START MATERIAL SHOWN
Lemma world_frame : is_L5_frame (world gamma) world_le bottom_world.
Proof.
  split; [|split; [|split; [|split]]].
  - intros w z Hz. exact Hz.
  - intros u v w Luv Lvw z Hz. auto.
  - apply world_le_antisym.
  - apply bottom_world_least.
  - intros C HC.
    set (C' := fun w => C w \/ w = bottom_world).
    assert (HC' : is_chain world_le C').
    { intros u v [Cu | ->] [Cv | ->]; auto using bottom_world_least. }
    exists (exist _ _ (chain_union_prime HC' (or_intror eq_refl))).
    intros w Cw z Wz. exists w. split; [left |]; assumption.
Qed.

(** If [z ∈ w] but [z ∉ TRUE], then [z ⇒ ⊥ ∈ TRUE ⊆ w], so [⊥ ∈ w]. *)
Lemma true_world_maximal w : world_le true_world w -> w = true_world.
Proof.
  intro Sub. apply world_le_antisym; [|exact Sub].
  intros z Wz. pose proof (prime_filter_in (proj2_sig w)) as Wf.
  assert (Dz : definable gamma z) by exact (filter_sub Wf Wz).
  split; [|exact Dz]. apply NNPP. intro Tz.
  pose proof HA as (_ & HU & _).
  destruct (ultrafilter_adjoin_bot HH HU Tz) as [_ [t [Tt Et]]].
  assert (Wneg : proj1_sig w (z ⇒ ⊥)).
  { apply Sub. split.
    - exact (filter_up (ultrafilter_filter_in HU) Tt (proj1 (mle_imp HH z ⊥ t) Et) I).
    - apply definable_imp; [exact Dz | apply definable_bot]. }
  apply (prime_proper (proj2_sig w)).
  apply (filter_up Wf (x := z ⊓ (z ⇒ ⊥))); [apply Wf; assumption | apply meet_imp_mle, HH |].
  apply definable_bot.
Qed.

Definition world_val (x : var) (w : world gamma) : Prop := proj1_sig w (gamma x).

Lemma truth_lemma p (w : world gamma) :
  ksat world_le bottom_world world_val w p <-> proj1_sig w (eval A gamma p).
Proof.
  revert w. induction p as [x | | p1 IH1 p2 IH2 | p1 IH1 p2 IH2 | p1 IH1 p2 IH2 | p IH];
    intro w; simpl.
  - reflexivity.
  - split; [contradiction | exact (prime_proper (proj2_sig w))].
  - rewrite IH1, IH2, (prime_filter_meet HH (proj2_sig w)); try apply definable_eval. tauto.
  - rewrite IH1, IH2, (prime_filter_join HH (proj2_sig w)); try apply definable_eval. tauto.
  - rewrite (prime_filter_imp HH (proj2_sig w)); try apply definable_eval. split.
    + intros K w' Hw' Sub W1.
      apply (IH2 (exist _ w' Hw')), K; [exact Sub | apply (IH1 (exist _ w' Hw')), W1].
    + intros K w' Sub K1. apply IH2, (K _ (proj2_sig w') Sub), IH1, K1.
  - rewrite IH, (prime_filter_box _ (proj2_sig w)). reflexivity.
Qed.

End L5.

End Algebra.

Theorem theorem5p2 (A : L5Model) (HA : is_L5_model A) (gamma : var -> M A) :
  exists (W : Type) (R : W -> W -> Prop) (wB : W),
    is_L5_frame W R wB /\
    exists wT : W,
      (forall w, R wT w -> w = wT) /\
      exists g : var -> W -> Prop,
        is_frame_assignment R g /\
        forall phi : formula, msat A gamma phi <-> ksat R wB g wT phi.
Proof.
  exists (world gamma), (@world_le A gamma), (bottom_world HA gamma).
  split; [apply world_frame |].
  exists (true_world HA gamma). split; [apply true_world_maximal |].
  exists (world_val (gamma := gamma)). split.
  - intros x u v Luv Hu. exact (Luv _ Hu).
  - intro phi. rewrite truth_lemma. simpl. unfold msat, true_definable.
    split; [intro T; split; [exact T | apply definable_eval] | tauto].
Qed.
END MATERIAL SHOWN
--- WHAT NEEDS TO BE DONE ---
Pick each line holding the word "assumption" out of the listing.

--- COMPLETED TASK ---
    intros w Cw z Wz. exists w. split; [left |]; assumption.
  apply (filter_up Wf (x := z ⊓ (z ⇒ ⊥))); [apply Wf; assumption | apply meet_imp_mle, HH |].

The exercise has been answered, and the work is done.